Daxin shook his head then glared at Dee. "I don't trust you."
"And you are right not too," Dee smiled. It got wider, showing too many teeth. "Curse thy sudden and obvious inevitable betrayal, Brutus," she said. The opened and she turned around, facing away. "But I need you, so that's good enough right now."
------------------
Dhruv stared at the item in the middle of the room. A hexagonal chamber, black glass with blue edging, twenty meters wide and ten meters tall, surrounded by computer consoles. It was constantly humming, the pitch rising and falling slowly, rhythmically, with the glow from the armaglass slowly pulsing with it.
"A mat-trans," Daxin said, staring at it. "Not like the ones we used to assault Anthill though."
"Gen-Zero," Dhruv said, walking forward to look at the armaglass. "My God, it's old."
"I'm a little older," Dee said, moving to one of the desks and sitting down.
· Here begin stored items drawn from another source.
Lemma is_derive_along_line n m (G : 'cV[R]_n -> 'cV[R]_m)
    (J : 'cV[R]_n -> 'M[R]_(m, n)) (x d : 'cV[R]_n) (s : R) :
  is_jacobian G J ->
  is_derive s 1 (fun t : R => G (x + t *: d)) (J (x + s *: d) *m d).
Proof.
move=> GJ; have [dG dGE] := GJ (x + s *: d).
pose h (t : R) := x + t *: d.
have hd : is_diff s h (fun t : R => 0 + t *: d) by exact: is_diffD.
have dGh : differentiable (G \o h) s by apply: differentiable_comp.
apply: DeriveDef; first exact: diff_derivable.
by rewrite (@deriveE _ _ _ (G \o h)) // diff_comp //= dGE diff_val add0r scale1r.
Qed.

Lemma convex_segment n (S : set 'cV[R]_n) (x y : 'cV[R]_n) (t : R) :
  convex.convex_set (S : set (convex.convex_lmodType _)) -> S x -> S y ->
  0 <= t -> t <= 1 -> S (x + t *: (y - x)).
Proof.
move=> convS Sx Sy t_ge0 t_le1.
have := convS y x (Itv01 t_ge0 t_le1) (mem_set Sy) (mem_set Sx); rewrite inE.
suff -> : x + t *: (y - x) = t *: y + (1 - t) *: x by [].
by rewrite scalerBr scalerBl scale1r addrCA.
Qed.

Lemma linearization_error_le n m (G : 'cV[R]_n -> 'cV[R]_m)
    (J : 'cV[R]_n -> 'M[R]_(m, n)) (S : set 'cV[R]_n) (LF : R) (x y : 'cV[R]_n) :
  is_jacobian G J -> convex.convex_set (S : set (convex.convex_lmodType _)) ->
  (forall u v, S u -> S v -> frob (J v - J u) <= LF * frob (v - u)) ->
  S x -> S y ->
  frob (G y - (G x + J x *m (y - x))) <= LF / 2 * frob (y - x) ^+ 2.
Proof.
move=> GJ convS JLip Sx Sy.
set d := y - x; set e := G y - (G x + J x *m d).
set c := frob e * LF * frob d ^+ 2.
(* The quadratic correction makes [phi' <= 0] on [0, 1] by Cauchy-Schwarz and
   the Lipschitz bound; [phi 1 <= phi 0] then reads
   [||e||^2 <= ||e|| LF ||d||^2 / 2]. *)
pose phi (t : R) :=
  vdot e (G (x + t *: d)) - t * vdot e (J x *m d) - t ^+ 2 * (c / 2).
have dphi (t : R) : is_derive t 1 phi (vdot e ((J (x + t *: d) - J x) *m d) - t * c).
  have := is_derive_vdot e (is_derive_along_line x d t GJ) => ?.
  apply: is_derive_eq; rewrite mulmxBl vdotBr !scaler0 !add0r.
  by rewrite /GRing.scale /= !mulr1; lra.
have phi_mono : phi 1 <= phi 0.
  apply: (@ler0_derive1_le_cc _ phi 0 1); rewrite ?in_itv /= ?lexx ?ler01 //.
  - move=> t; rewrite in_itv /= => /andP [t_gt0 t_lt1].
    have Sxt := convex_segment convS Sx Sy (ltW t_gt0) (ltW t_lt1).
    have JtLip := JLip _ _ Sx Sxt.
    rewrite addrAC subrr add0r frobZ ger0_norm ?(ltW t_gt0) // in JtLip.
    rewrite derive1E derive_val subr_le0.
    apply: le_trans (vdot_le_frob _ _) _.
    apply: le_trans (ler_wpM2l (frob_ge0 e) (frob_mulmx_le _ _)) _.
    have := ler_wpM2l (frob_ge0 e) (ler_wpM2r (frob_ge0 d) JtLip).
    rewrite /c; nra.
  - by apply: derivable_within_continuous => t _; exact: ex_derive.
have e_sqr_le : frob e ^+ 2 <= frob e * (LF / 2 * frob d ^+ 2).
  have ee : vdot e e = vdot e (G y) - vdot e (G x) - vdot e (J x *m d).
    by rewrite /e vdotBr vdotDr; ring.
  have x_d : x + d = y by rewrite /d addrC subrK.
  move: phi_mono; rewrite -vdotvv ee /phi /c scale0r scale1r addr0 x_d.
  lra.
have K_ge0 : 0 <= LF / 2 * frob d ^+ 2.
  have := le_trans (frob_ge0 _) (JLip x y Sx Sy); have := frob_ge0 d; nra.
move: e_sqr_le K_ge0; set K := LF / 2 * _; have := frob_ge0 e; nra.
Qed.

End LinearizationError.

Section ScalarBounds.
Variable R : realType.

Lemma le_half_add_sqr_div (a tau : R) :
  0 < tau -> a <= tau / 2 + (2 * tau)^-1 * a ^+ 2.
Proof.
move=> tau_gt0.
have : 0 <= (a - tau) ^+ 2 / (2 * tau) by rewrite divr_ge0 ?sqr_ge0 // mulr_ge0 // ltW.
suff -> : (a - tau) ^+ 2 / (2 * tau) = tau / 2 + (2 * tau)^-1 * a ^+ 2 - a by lra.
by field; rewrite gt_eqF.
Qed.

Lemma sub_inf_le (E : set R) (c M : R) : E !=set0 -> has_lbound E ->
  (forall e, E e -> c - e <= M) -> c - inf E <= M.
Proof.
move=> E_neq0 E_lb cEM.
have : c - M <= inf E by apply: lb_le_inf => // e /cEM; lra.
lra.
Qed.

Lemma kappa_ge0 (s : R) : 0 <= kappa s.
Proof.
by rewrite /kappa; case: ifPn => [_|]; [rewrite divr_ge0 ?sqr_ge0 | rewrite -ltNge; lra].
Qed.

Lemma mul_kappa_le (a b c : R) : 0 < b -> 0 <= a ->
  (forall t, 0 <= t -> t <= 1 -> t * a - b * t ^+ 2 / 2 <= c) -> b * kappa (a / b) <= c.
Proof.
move=> b_gt0 a_ge0 bound; rewrite /kappa; case: ifPn => [ab_le1|].
  have := bound (a / b) (divr_ge0 a_ge0 (ltW b_gt0)) ab_le1.
  suff -> : a / b * a - b * (a / b) ^+ 2 / 2 = b * ((a / b) ^+ 2 / 2) by [].
  by field; rewrite gt_eqF.
rewrite -ltNge => _; have := bound 1 ler01 (lexx _).
suff -> : 1 * a - b * 1 ^+ 2 / 2 = b * (a / b - 1 / 2) by [].
by field; rewrite gt_eqF.
Qed.

End ScalarBounds.

Section ProximalStep.
Variables (R : realType) (n m : nat) (F : 'cV[R]_n -> 'cV[R]_m).
Variables (Jh : 'cV[R]_n -> 'M[R]_(m, n)) (x : 'cV[R]_n) (L tau : R).
Hypothesis tau_gt0 : 0 < tau.

Lemma psi_center : psi F Jh x L tau x = tau / 2 + fhat2 F x / (2 * tau).
Proof.
by rewrite /psi subrr mulmx0 addr0 frob0 expr0n /= mulr0 addr0 [_^-1 * _]mulrC.
Qed.

Lemma fhat1_le_psi (S : set 'cV[R]_n) (LF : R) (y : 'cV[R]_n) :
  is_jacobian (Fhat F) Jh -> convex.convex_set (S : set (convex.convex_lmodType _)) ->
  (forall u v, S u -> S v -> frob (Jh v - Jh u) <= LF * frob (v - u)) ->
  LF <= L -> S x -> S y -> fhat1 F y <= psi F Jh x L tau y.
Proof.
move=> FJ convS JLip LF_le_L Sx Sy.
set lin := Fhat F x + Jh x *m (y - x).
have err := linearization_error_le FJ convS JLip Sx Sy.
have tri := frobD lin (Fhat F y - lin); rewrite addrC subrK in tri.
have := le_half_add_sqr_div (frob lin) tau_gt0.
have : LF / 2 * frob (y - x) ^+ 2 <= L / 2 * frob (y - x) ^+ 2.
  by rewrite ler_wpM2r ?sqr_ge0 // ler_pM2r.
rewrite /fhat1 /psi -/lin; lra.
Qed.

Lemma psi_decrease_along_segment (r t : R) (z : 'cV[R]_n) :
  0 <= L -> frob (z - x) <= r -> 0 <= t -> t <= 1 ->
  t * (fhat2 F x - frob (Fhat F x + Jh x *m (z - x)) ^+ 2) / (2 * tau)
    - L * r ^+ 2 * t ^+ 2 / 2
  <= psi F Jh x L tau x - psi F Jh x L tau (x + t *: (z - x)).
Proof.
move=> L_ge0 zr t_ge0 t_le1.
rewrite psi_center /psi [x + _ - x]addrAC subrr add0r.
rewrite -scalemxAr frobZ ger0_norm // exprMn.
have := convex_frob_sqr (Fhat F x) (Jh x *m (z - x)) t_ge0 t_le1.
set q := frob (Fhat F x + _) ^+ 2; set N := frob (Fhat F x + _) ^+ 2 => N_le.
have iv_gt0 : 0 < (2 * tau)^-1 by rewrite invr_gt0 mulr_gt0.
have := ler_wpM2l (ltW iv_gt0) N_le.
have : frob (z - x) ^+ 2 <= r ^+ 2.
  by rewrite ler_sqr ?nnegrE ?frob_ge0 // (le_trans (frob_ge0 _) zr).
move/(ler_wpM2l (mulr_ge0 (sqr_ge0 t) (divr_ge0 L_ge0 (ler0n _ 2)))).
rewrite /fhat2 /fhat1 /q; lra.
Qed.

Lemma Delta_ge0 (r : R) : 0 <= r -> 0 <= Delta F Jh r x.
Proof.
move=> r_ge0; rewrite subr_ge0; apply: ge_inf.
  by exists 0 => _ [y _ <-]; exact: sqr_ge0.
by exists x; rewrite /= ?subrr ?frob0 // mulmx0 addr0.
Qed.

Lemma Delta_gain_le (r C : R) : 0 <= L -> 0 < r ->
  (forall y, psi F Jh x L tau x - psi F Jh x L tau y <= C) ->
  forall t, 0 <= t -> t <= 1 ->
  t * (Delta F Jh r x / (2 * tau)) - L * r ^+ 2 * t ^+ 2 / 2 <= C.
Proof.
move=> L_ge0 r_gt0 gain t t_ge0 t_le1.
have [t0|t_neq0] := eqVneq t 0.
  by have := gain x; rewrite t0 subrr mul0r expr0n /= mulr0 mul0r subr0.
have t_gt0 : 0 < t by rewrite lt_def t_neq0.
have tau2_gt0 : 0 < 2 * tau by rewrite mulr_gt0.
set M := (C + L * r ^+ 2 * t ^+ 2 / 2) * (2 * tau) / t.
have gainE u : (t * u / (2 * tau) - L * r ^+ 2 * t ^+ 2 / 2 <= C) = (u <= M).
  by rewrite lerBlDr ler_pdivrMr // ler_pdivlMr // mulrC.
rewrite mulrA gainE; apply: sub_inf_le.
- by exists (fhat2 F x), x; rewrite /= ?subrr ?frob0 ?(ltW r_gt0) // mulmx0 addr0.
- by exists 0 => _ [y _ <-]; exact: sqr_ge0.
- move=> _ [z zr <-]; rewrite -gainE.
  exact: le_trans (psi_decrease_along_segment L_ge0 zr t_ge0 t_le1) (gain _).
Qed.

End ProximalStep.

Theorem lemma3 (R : realType) (n m : nat) (F : 'cV[R]_n -> 'cV[R]_m)
  (Jh : 'cV[R]_n -> 'M[R]_(m, n)) (S : set 'cV[R]_n) (LF : R)
  (x T : 'cV[R]_n) (tau L : R) :
  is_jacobian (Fhat F) Jh ->
  closed S -> convex.convex_set (S : set (convex.convex_lmodType _)) -> interior S !=set0 ->
  (forall u v, S u -> S v -> frob (Jh v - Jh u) <= LF * frob (v - u)) ->
  S x -> 0 < tau -> LF <= L ->
  (forall y, psi F Jh x L tau T <= psi F Jh x L tau y) ->
  S T ->
  forall r : R, 0 < r ->
    tau / 2 + fhat2 F x / (2 * tau) - fhat1 F T
    >= L * r ^+ 2 * kappa (Delta F Jh r x / (2 * tau * L * r ^+ 2)).
Proof.
move=> FJ _ convS _ JLip Sx tau_gt0 LF_le_L T_min ST r r_gt0.
have gain y : psi F Jh x L tau x - psi F Jh x L tau y
              <= tau / 2 + fhat2 F x / (2 * tau) - fhat1 F T.
  have := fhat1_le_psi tau_gt0 FJ convS JLip LF_le_L Sx ST.
  have := T_min y; rewrite psi_center; lra.
have [L_le0|L_gt0] := leP L 0.
  have := gain x; rewrite subrr => gain_ge0.
  apply: le_trans gain_ge0.
  by rewrite mulr_le0_ge0 ?kappa_ge0 // mulr_le0_ge0 // sqr_ge0.
have Lr2_gt0 : 0 < L * r ^+ 2 by rewrite mulr_gt0 // exprn_gt0.
have -> : Delta F Jh r x / (2 * tau * L * r ^+ 2)
          = Delta F Jh r x / (2 * tau) / (L * r ^+ 2).
  by field; rewrite !gt_eqF // ?exprn_gt0.
apply: mul_kappa_le => //.
  by rewrite divr_ge0 ?Delta_ge0 ?ltW // mulr_gt0.
move=> t t_ge0 t_le1.
by have := Delta_gain_le tau_gt0 (ltW L_gt0) r_gt0 gain t_ge0 t_le1.
Qed.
She cracked her knuckles. "Let's see just how far I'm locked out."
"What's it doing?" Daxin asked, staring at it.
"Cylindrical construction-deconstruction fabrication loop," Dee said, tapping at the keyboard. "Hmph, capital P password underscore one dash two dash three, they never learn."
Daxin moved around to the backside of it, looking at the heavy data and power cables. Dhruv met him at the back and they looked at each other.
**she's dangerous** Dhruv signed to him.
**no shit I figured that out** Daxin said.
**you believe her about your family** Dhruv glanced back the way they'd come.
**no she'll tell me anything she thinks I want to hear to get me to do what she wants** Daxin said. He reached out and scratched FIDO's petting nerve, a nervous habit of his own.
**we can't kill her she can't kill us we're kind of stuck** Dhruv said. **why would she care about the case omaha**
**don't know** Daxin signed, then turned around and walked back around to the front of the mat-trans chamber.
Dee sat, kicked back in the chair, a cigarette in one hand, blowing smoke into the air.
When Dhruv came around from the backside she sat up, putting the cigarette in her mouth. She smiled at both of them.
**I heard you two idiots** she signed. She pointed behind Daxin. When Dhruv and Daxin turned and looked they saw an angled mirror, high up on the wall, in the corner, that showed the back side of the mat-trans.
Dhruv just shook his head.
"We can go," Dee said, standing up. "I'm done here."
Daxin shook his head, following her out. He glanced at Dhruv.